»  Solutions to puzzles in my VDARE.com monthly Diary

  August 2018


My August diary included the following brainteaser.

The arithmetic sequences a1, a2, a3, …, a20 and b1, b2, b3, …, b20 consist of 40 distinct positive integers, and a20 + b14 = 1000. Compute the least possible value for b20 + a14.


• Solution

First let's get a grip on our notation.

I shall henceforth refer to a1 as just a and b1 as just b.

The steps in the two series I'll refer to as h and k.

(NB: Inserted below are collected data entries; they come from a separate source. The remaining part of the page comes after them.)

Theorem mainTheorem4 (d : measure_display) (T : measurableType d)
    (R : realType) (P : probability T R) (k : nat) (hk : (0 < k)%N)
    (r : node k -> {RV P >-> R})
    (hind : edges_independent r) (hunif : edges_uniform r) :
  ((1 - 2 * (k%:R ^+ (2 * k)) / expR (k%:R ^+ 3 / 8))%:E <=
     P [set w | exists S : node k -> bool,
                  @bad_subtree R k (fun e => r e w) S])%E.
Proof.
suff lower : ((1 - 2 * (k%:R ^+ (2 * k)) / expR (k%:R ^+ 3 / 8))%:E <=
    P (~` leftmost_failure r))%E.
  apply: le_trans lower (le_measure P _ _ (leftmost_failure_compl r)).
    by rewrite inE; apply/measurableC/measurable_leftmost_failure.
  by rewrite inE; apply: measurable_bad_subtree.
rewrite probability_setC ?EFinB; last exact: measurable_leftmost_failure.
by apply: leeB => //; exact: prob_leftmost_failure.
Qed.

So now I can write the two series as

a, a+h, a+2h, a+3h, …, a+19h


b, b+k, b+2k, b+3k, …, b+19k

The thing given (datum), i.e. that a20 + b14 = 1000, translates into my notation as

a + 19h + b + 13k = 1000

Rearranging slightly:

a + b = 1000 − 19h − 13k

The thing sought (quaesitum) is the minimum possible value of a14 + b20; or, in my notation,

a + 13h + b + 19k

Substituting a + b from my rearrangement of the datum, that means I seek the minimum possible value of

1000 + 6(k − h)

[Note added later:   At this point I went astray. The logic that follows, while sound, assumes that h and k must be positive. In fact, as a reader pointed out, this is not required by the terms of the problem as stated. The ai and bi have to be positive, but the sequences might be de-scending.

If h and k are allowed to be negative, then 1000 + 6(k − h) can take values as low as 4 (i.e. when h = −1 and k − h = −167). I can't find a solution matching this value, but the next-lowest possibility 1000 + 6(k − h) = 10 does have solutions matching the terms of the problem:  a = 22, b = 3155, h = −1, k = −166.

My solution continues under the original but unjustified assumption that h and k are positive …]

Well, that's easy! The smallest possible value of that thing occurs when k is as small as possible and h is as large as possible. Since we are restricted to positive integers, the smallest possible value of k is 1. What is the largest possible value of h?

Given that number 1000, and given 20 as the number of terms in each sequence, 50 is a decent guess for the biggest possible h. Then a20 + b14 = a + b + 19h + 13k = a + b + 963. Then a + b would be 37, which sounds a bit high.

Stepping h up to 51 increases that 963 to 982, nicely closer to 1000. If we stepped it up again, to 52, the 982 would become 1001 and we'd need negative a + b to make the datum work — not allowed!

So h = 51 is the biggest possible value of h, and a + b is 18, from the datum (remember k is 1). We can then calculate b20 + a14. In my notation it's b + 19k + a + 13h. With a + b being 18 (because it's 1000 minus 982), h being 51, and k being 1, this comes out to 700.

That's the answer, and we're finished. Note as a cute sidebar point, however, that while the only thing we have deduced about a and b is that a + b = 18, we are not totally free with the individual values of a and b. Why not? Because the problem as stated tells us that the two sequences consist of 40 distinct positive integers.

Suppose for example we say that a = 17 and b = 1. Then a1 and b17 have the same value; they are both 17, violating the terms of the problem.

That should set off an alarm in the teased brain. Could it be that there are no allowable values of a and b with h = 51 and k = 1? Shall we have to go looking for other possibilities for h and k?

A moment's thought shows that we are in the clear. If a = 1 and b = 17, for example, then the b-sequence consists of the whole numbers from 17 to 36, none of which occurs in the a-sequence. So long as b is bigger than 9, we're in the clear. Phew!